Violence in Ukraine has been marked in Russia with modest but persistent protests—not just in the more-liberal metropolises of Moscow and St. Petersburg, but across major cities in the Ural Mountains and Siberia. Those who do take to the streets face very real consequences. In the first week of the Ukrainian conflict alone, more than seven thousand people were detained for holding anti-war protests, including pensioners and children reportedly as young as seven. Officially, most demonstrators face a short stint of jail time. Unofficially, many have reported off-the-books beatings, or even losing their jobs.
For the Kremlin, none of these tactics are particularly revolutionary. Since 2011, when sweeping opposition protests in response to Putin’s third term re-election first rattled Russia’s institutional elite, “unapproved” demonstrations have been marked by violent mass arrests. From the crowds, an unlucky chosen few are often punished with longer jail terms.
But in 2022, Putin is also fighting on a different front: unleashing an online crackdown that is almost as violent as the one taking place on Russia’s streets. The Kremlin has long sought greater power over the country’s digital space, which has provided young, more opposition-minded Russians platforms with which to gather and share news. Now, the Ukrainian conflict is providing opportunities for Russian politicians to restrict the country’s online space like never before.

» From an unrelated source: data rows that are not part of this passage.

(* In the isotropic setting below, fix $r>0$, $F,F_p\in\mathrm{GL}^+(3)$. Then the set-valued right-hand sides of the Simo–Miehe flow rule and of the Lion flow rule coincide: $$-2\,F^{-1}\big[\mathcal N_r(\tau_e)\,B_e\big]F^{-T}\;=\;-F_p^{-1}\,\mathcal N_r(\Sigma_e)\,F_p^{-T}.$$ Consequently, a differentiable curve $t\mapsto C_p(t)=F_p(t)^TF_p(t)$ (at fixed $F$) satisfies the Simo–Miehe flow rule $\frac{d}{dt}[C_p^{-1}]\in-2F^{-1}[\mathcal N_r(\tau_e)B_e]F^{-T}$ if and only if it satisfies the Lion flow rule $\frac{d}{dt}[C_p^{-1}]\in-F_p^{-1}\mathcal N_r(\Sigma_e)F_p^{-T}$.
   Context: $W:\mathrm{GL}^+(3)\to\mathbb{R}$ is $C^1$, objective and isotropic ($W(QFR)=W(F)$ for all $Q,R\in\mathrm{SO}(3)$). $F_e=FF_p^{-1}$, $C_p=F_p^TF_p$, $B_e=F_eF_e^T$, $\Sigma_e=F_e^TDW(F_e)$, $\tau_e=DW(F_e)F_e^T$ (symmetric for isotropic $W$). $\langle X,Y\rangle=\mathrm{tr}(XY^T)$, $\|\cdot\|$ Frobenius norm, $\mathrm{dev}_3X=X-\frac13\mathrm{tr}(X)\mathbb{1}$. For $r>0$ and symmetric $S$, $\mathcal N_r(S)$ is the subdifferential of the indicator function of the convex set $\{S\in\mathrm{Sym}(3):\|\mathrm{dev}_3S\|\le r\}$ evaluated as in the paper: $\mathcal N_r(S)=\{0\}$ if $\|\mathrm{dev}_3S\|<r$, $\mathcal N_r(S)=\{\lambda\,\mathrm{dev}_3S/\|\mathrm{dev}_3S\|:\lambda\ge0\}$ if $\|\mathrm{dev}_3S\|=r$, and $\mathcal N_r(S)=\emptyset$ if $\|\mathrm{dev}_3S\|>r$. For matrices $M,N$ and a set $\mathcal A$ of matrices, $M\mathcal AN=\{MXN:X\in\mathcal A\}$. *)

From Stdlib Require Import Reals.
Open Scope R_scope.

Inductive I3 : Type := i0 | i1 | i2.

Definition Mat := I3 -> I3 -> R.

Definition sum3 (f : I3 -> R) : R := f i0 + f i1 + f i2.

Definition nxt (i : I3) : I3 := match i with i0 => i1 | i1 => i2 | i2 => i0 end.

Definition mmul (A B : Mat) : Mat := fun i j => sum3 (fun k => A i k * B k j).
Definition mtr (A : Mat) : Mat := fun i j => A j i.
Definition madd (A B : Mat) : Mat := fun i j => A i j + B i j.
Definition msub (A B : Mat) : Mat := fun i j => A i j - B i j.
Definition mscal (c : R) (A : Mat) : Mat := fun i j => c * A i j.
Definition mzero : Mat := fun _ _ => 0.
Definition mid : Mat := fun i j => match i, j with
  | i0, i0 | i1, i1 | i2, i2 => 1 | _, _ => 0 end.

(* cofactor of a 3x3 matrix (cyclic index form gives the signs) *)
Definition cof (A : Mat) (i j : I3) : R :=
  A (nxt i) (nxt j) * A (nxt (nxt i)) (nxt (nxt j))
  - A (nxt i) (nxt (nxt j)) * A (nxt (nxt i)) (nxt j).
Definition det (A : Mat) : R := sum3 (fun j => A i0 j * cof A i0 j).
(* inverse (adjugate / determinant), meaningful when det A <> 0 *)
Definition minv (A : Mat) : Mat := fun i j => cof A j i / det A.
Definition trace (A : Mat) : R := sum3 (fun i => A i i).

Definition inner (X Y : Mat) : R := sum3 (fun i => sum3 (fun j => X i j * Y i j)).
Definition fnorm (X : Mat) : R := sqrt (inner X X).
Definition dev3 (X : Mat) : Mat := msub X (mscal (trace X / 3) mid).

Definition GLplus (A : Mat) : Prop := 0 < det A.
Definition SO3 (Q : Mat) : Prop := mmul (mtr Q) Q = mid /\ det Q = 1.

Definition frechet_at (W : Mat -> R) (DW : Mat -> Mat) (F : Mat) : Prop :=
  forall eps, 0 < eps -> exists delta, 0 < delta /\
    forall H, fnorm H < delta ->
      Rabs (W (madd F H) - W F - inner (DW F) H) <= eps * fnorm H.
Definition C1_GLplus (W : Mat -> R) (DW : Mat -> Mat) : Prop :=
  (forall F, GLplus F -> frechet_at W DW F) /\
  (forall F, GLplus F -> forall eps, 0 < eps -> exists delta, 0 < delta /\
     forall G, fnorm (msub G F) < delta -> fnorm (msub (DW G) (DW F)) < eps).
Definition obj_iso (W : Mat -> R) : Prop :=
  forall Q R F, SO3 Q -> SO3 R -> GLplus F -> W (mmul (mmul Q F) R) = W F.

Definition Fe (F Fp : Mat) : Mat := mmul F (minv Fp).
Definition Cp (Fp : Mat) : Mat := mmul (mtr Fp) Fp.
Definition Be (Fe : Mat) : Mat := mmul Fe (mtr Fe).
Definition Sigma_e (DW : Mat -> Mat) (Fe : Mat) : Mat := mmul (mtr Fe) (DW Fe).
Definition tau_e (DW : Mat -> Mat) (Fe : Mat) : Mat := mmul (DW Fe) (mtr Fe).

Definition Nr (r : R) (S : Mat) (X : Mat) : Prop :=
  (fnorm (dev3 S) < r /\ X = mzero) \/
  (fnorm (dev3 S) = r /\ exists lam, 0 <= lam /\
      X = mscal (lam / fnorm (dev3 S)) (dev3 S)).

Definition SM_rhs (r : R) (DW : Mat -> Mat) (F Fp : Mat) (Z : Mat) : Prop :=
  exists X, Nr r (tau_e DW (Fe F Fp)) X /\
    Z = mscal (-2) (mmul (mmul (minv F) (mmul X (Be (Fe F Fp)))) (mtr (minv F))).

Definition Lion_rhs (r : R) (DW : Mat -> Mat) (F Fp : Mat) (Z : Mat) : Prop :=
  exists Y, Nr r (Sigma_e DW (Fe F Fp)) Y /\
    Z = mscal (-1) (mmul (mmul (minv Fp) Y) (mtr (minv Fp))).

(* Isotropy makes W invariant along the rotation curves s |-> Q(s) F_e and
   F_e Q(s), so DW(F_e) is orthogonal to A F_e and F_e A for every skew A:
   tau_e and Sigma_e are symmetric.  Then Sigma_e = F_e^{-1} tau_e F_e is a
   similarity of symmetric matrices, which preserves dev_3 and its norm, so
   N_r(Sigma_e) = F_e^{-1} N_r(tau_e) F_e.  Since F^{-1} = F_p^{-1} F_e^{-1},
   -2 F^{-1} X B_e F^{-T} = -F_p^{-1} (2 F_e^{-1} X F_e) F_p^{-T}, and the
   factor 2 is absorbed because N_r(S) is a cone. *)
From Stdlib Require Import Reals Lra Psatz FunctionalExtensionality.
Open Scope R_scope.
Lemma qform_mint n v (X : 'I_n -> 'I_n -> Mat d) :
  qform v (ampl n (fun x => mint (fun s => Phi s x) 0 t) X) =
  cint (fun s => qform v (ampl n (Phi s) X)) 0 t.
Proof.
have ex i j k l : cex (fun s => Cmult (Cmult (Cconj (v i k)) (Phi s (X i j) k l)) (v j l)) 0 t.
  by apply/ccont_cex/ccont_mult; [apply/ccont_cmul/Phi_cont | apply: ccont_const].
rewrite /qform /ampl /mint cint_csum => [|i]; last by do 3!apply: cex_csum => ?.
apply: csum_ext => i; rewrite cint_csum => [|j]; last by do 2!apply: cex_csum => ?.
apply: csum_ext => j; rewrite cint_csum => [|k]; last by apply: cex_csum => ?.
apply: csum_ext => k; rewrite cint_csum //; apply: csum_ext => l.
rewrite (cint_ext (f := fun s => Cmult (Cmult (Cconj (v i k)) (Phi s (X i j) k l)) (v j l))
                  (g := fun s => Cmult (Cmult (Cconj (v i k)) (v j l)) (Phi s (X i j) k l))).
  by rewrite cint_cmul; [ring | apply/ccont_cex/Phi_cont].
by move=> s _; ring.
Qed.

Lemma CP_mint : CP (fun x => mint (fun s => Phi s x) 0 t).
Proof.
split; first exact: mint_linear.
move=> n X X_psd; apply/psd_blockP => v; rewrite qform_mint.
have ex : cex (fun s => qform v (ampl n (Phi s) X)) 0 t.
  apply: ccont_cex; do 4!apply: ccont_csum => ?.
  by apply: ccont_mult; [apply/ccont_cmul/Phi_cont | apply: ccont_const].
split.
- rewrite im_cint // (RInt_ext _ (fun _ => 0)) ?RInt_const; first by rewrite /scal /= /mult /=; ring.
  by move=> s /in_range/Phi_CP [_ /(_ n X X_psd v) []].
- rewrite re_cint //; apply: RInt_ge_0 => //; first exact: (ex_RInt_fct_extend_fst _ _ _ ex).
  by move=> s Hs; have [_ /(_ n X X_psd v) []] := Phi_CP (conj (Rlt_le _ _ (proj1 Hs)) (Rlt_le _ _ (proj2 Hs))).
Qed.

End IntegralOfCP.

Definition clim (u : nat -> C) (l : C) :=
  is_lim_seq (fun n => Re (u n)) (Re l) /\ is_lim_seq (fun n => Im (u n)) (Im l).

Lemma clim_ext u v a : (forall n, u n = v n) -> clim u a -> clim v a.
Proof.
by move=> uv [H1 H2]; split; [apply: is_lim_seq_ext H1 | apply: is_lim_seq_ext H2] => n; rewrite uv.
Qed.

Lemma clim_const c : clim (fun _ => c) c.
Proof. by split; apply: is_lim_seq_const. Qed.

Lemma clim_plus u v a b : clim u a -> clim v b -> clim (fun n => Cplus (u n) (v n)) (Cplus a b).
Proof. by move=> [H1 H2] [H3 H4]; split; apply: is_lim_seq_plus'. Qed.

Lemma clim_cmul c u a : clim u a -> clim (fun n => Cmult c (u n)) (Cmult c a).
Proof.
move=> [H1 H2]; split.
- rewrite re_mult; apply: (is_lim_seq_ext (fun n => Re c * Re (u n) - Im c * Im (u n))).
    by move=> n; rewrite re_mult.
  exact: is_lim_seq_minus' (is_lim_seq_scal_l _ (Re c) _ H1) (is_lim_seq_scal_l _ (Im c) _ H2).
- rewrite im_mult; apply: (is_lim_seq_ext (fun n => Re c * Im (u n) + Im c * Re (u n))).
    by move=> n; rewrite im_mult.
  exact: is_lim_seq_plus' (is_lim_seq_scal_l _ (Re c) _ H2) (is_lim_seq_scal_l _ (Im c) _ H1).
Qed.

Lemma clim_unique u a b : clim u a -> clim u b -> a = b.
Proof.
move=> [/is_lim_seq_unique Ra /is_lim_seq_unique Ia] [/is_lim_seq_unique Rb /is_lim_seq_unique Ib].
move: Ra Rb Ia Ib; case: a b => [a1 a2] [b1 b2] -> [->] -> [->] //.
Qed.

Lemma clim_csum m (u : nat -> 'I_m -> C) (l : 'I_m -> C) :
  (forall k, clim (fun n => u n k) (l k)) -> clim (fun n => csum m (u n)) (csum m l).
Proof.
move=> ul; rewrite /csum; elim: (index_enum _) => [|k r IH].
  by rewrite big_nil; apply: (clim_ext (u := fun _ => RtoC 0)) => [n|]; rewrite ?big_nil //; apply: clim_const.
rewrite big_cons; apply: (clim_ext (u := fun n => Cplus (u n k) (\big[Cplus/RtoC 0]_(j <- r) u n j))).
  by move=> n; rewrite big_cons.
exact: clim_plus.
Qed.

Lemma clim_zero_of_bound (z : nat -> C) (b : nat -> R) :
  is_lim_seq b 0 -> (forall n, Cmod (z n) <= b n) -> clim z (RtoC 0).
Proof.
move=> b0 zb; have nb0 : is_lim_seq (fun n => - b n) 0.
  by have := proj1 (is_lim_seq_opp _ _) b0; rewrite /= Ropp_0.
split=> /=; apply: (is_lim_seq_le_le (fun n => - b n) _ b) => // n.
- by have := zb n; have := re_le_Cmod (z n); rewrite /Re; split_Rabs; lra.
- by have := zb n; have := im_le_Cmod (z n); rewrite /Im; split_Rabs; lra.
Qed.

Section LimitOfCP.
Variables (d : nat) (Phin : nat -> Mat d -> Mat d) (Phi : Mat d -> Mat d).
Hypotheses (Phin_CP : forall n, CP (Phin n)).
Hypothesis Phin_lim : forall x i j, clim (fun n => Phin n x i j) (Phi x i j).

Lemma lim_linear : is_linear_map Phi.
Proof.
split=> [a b|c a]; apply: mat_ext => i j; apply: clim_unique (Phin_lim _ i j) _.
- apply: (clim_ext (u := fun n => Cplus (Phin n a i j) (Phin n b i j))); last exact: clim_plus.
  by move=> n; case: (Phin_CP n) => [[-> _] _].
- apply: (clim_ext (u := fun n => Cmult c (Phin n a i j))); last exact: clim_cmul.
  by move=> n; case: (Phin_CP n) => [[_ ->] _].
Qed.

Lemma CP_lim : CP Phi.
Proof.
split; first exact: lim_linear.
move=> n X X_psd; apply/psd_blockP => v.
have psd m := proj1 (psd_blockP _) (proj2 (Phin_CP m) n X X_psd) v.
have [Hre Him] : clim (fun m => qform v (ampl n (Phin m) X)) (qform v (ampl n Phi X)).
  rewrite /qform /ampl; apply: clim_csum => i; apply: clim_csum => j.
  apply: clim_csum => k; apply: clim_csum => l.
  have -> : Cmult (Cmult (Cconj (v i k)) (Phi (X i j) k l)) (v j l) =
            Cmult (Cmult (Cconj (v i k)) (v j l)) (Phi (X i j) k l) by ring.
  apply: (clim_ext (u := fun m => Cmult (Cmult (Cconj (v i k)) (v j l)) (Phin m (X i j) k l))).
    by move=> m; ring.
  exact: clim_cmul.
split.
- have := is_lim_seq_unique _ _ Him.
  rewrite (Lim_seq_ext _ (fun _ => 0)) ?Lim_seq_const; first by case.
  by move=> m; case: (psd m).
- apply: (is_lim_seq_le (fun _ => 0) _ 0 _ _ (is_lim_seq_const 0) Hre) => m.
  by case: (psd m).
Qed.

End LimitOfCP.

(** * Factorial bounds *)

HB.instance Definition _ := Monoid.isComLaw.Build R 0 Rplus
  (fun x y z => esym (Rplus_assoc x y z)) Rplus_comm Rplus_0_l.

Definition rsum n (f : 'I_n -> R) : R := \big[Rplus/0]_(i < n) f i.

Lemma rsum_nonneg n (f : 'I_n -> R) : (forall i, 0 <= f i) -> 0 <= rsum f.
Proof. by move=> f_ge0; apply: big_ind => //; [lra | apply: Rplus_le_le_0_compat]. Qed.

Lemma rsum_le n (f g : 'I_n -> R) : (forall i, f i <= g i) -> rsum f <= rsum g.
Proof. by move=> fg; apply: (big_ind2 Rle) => //; [lra | move=> *; apply: Rplus_le_compat]. Qed.

Lemma rsum_term n (f : 'I_n -> R) i : (forall k, 0 <= f k) -> f i <= rsum f.
Proof.
move=> f_ge0; rewrite /rsum (bigD1 i) //=.
have : 0 <= \big[Rplus/0]_(k < n | k != i) f k.
  by apply: big_ind => //; [lra | apply: Rplus_le_le_0_compat].
by move/(Rplus_le_compat_l (f i)); rewrite Rplus_0_r.
Qed.

Lemma rsum_scal n c (f : 'I_n -> R) : rsum (fun i => c * f i) = c * rsum f.
Proof. by symmetry; apply: (big_morph (Rmult c)) => [x y|]; ring. Qed.

Lemma Cmod_csum n (f : 'I_n -> C) : Cmod (csum n f) <= rsum (fun i => Cmod (f i)).
Proof.
apply: (big_ind2 (fun z r => Cmod z <= r)); first by rewrite Cmod_0; lra.
  by move=> z1 r1 z2 r2 H1 H2; apply: Rle_trans (Cmod_triangle _ _) _; lra.
by move=> i _; lra.
Qed.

The Kremlin’s motives are simple: the war in Ukraine is, and will increasingly become, unpopular with ordinary Russians. A survey released by the Levada Center, Russia’s only major independent pollster, showed that just 45 percent of Russians supported Putin’s decision to recognize the breakaway regions of Luhansk and Donetsk in eastern Ukraine as independent states—and that was before the invasion even began.
There are other signs of discontent. There has been a flurry of open letters and statements condemning the war, signed by everyone from scientists to chess grandmasters. Even the regime’s staunchest supporters are balking. A marked exodus from Russian state media channels such as RT has taken place, and even a handful of Russian officials are beginning to jump ship.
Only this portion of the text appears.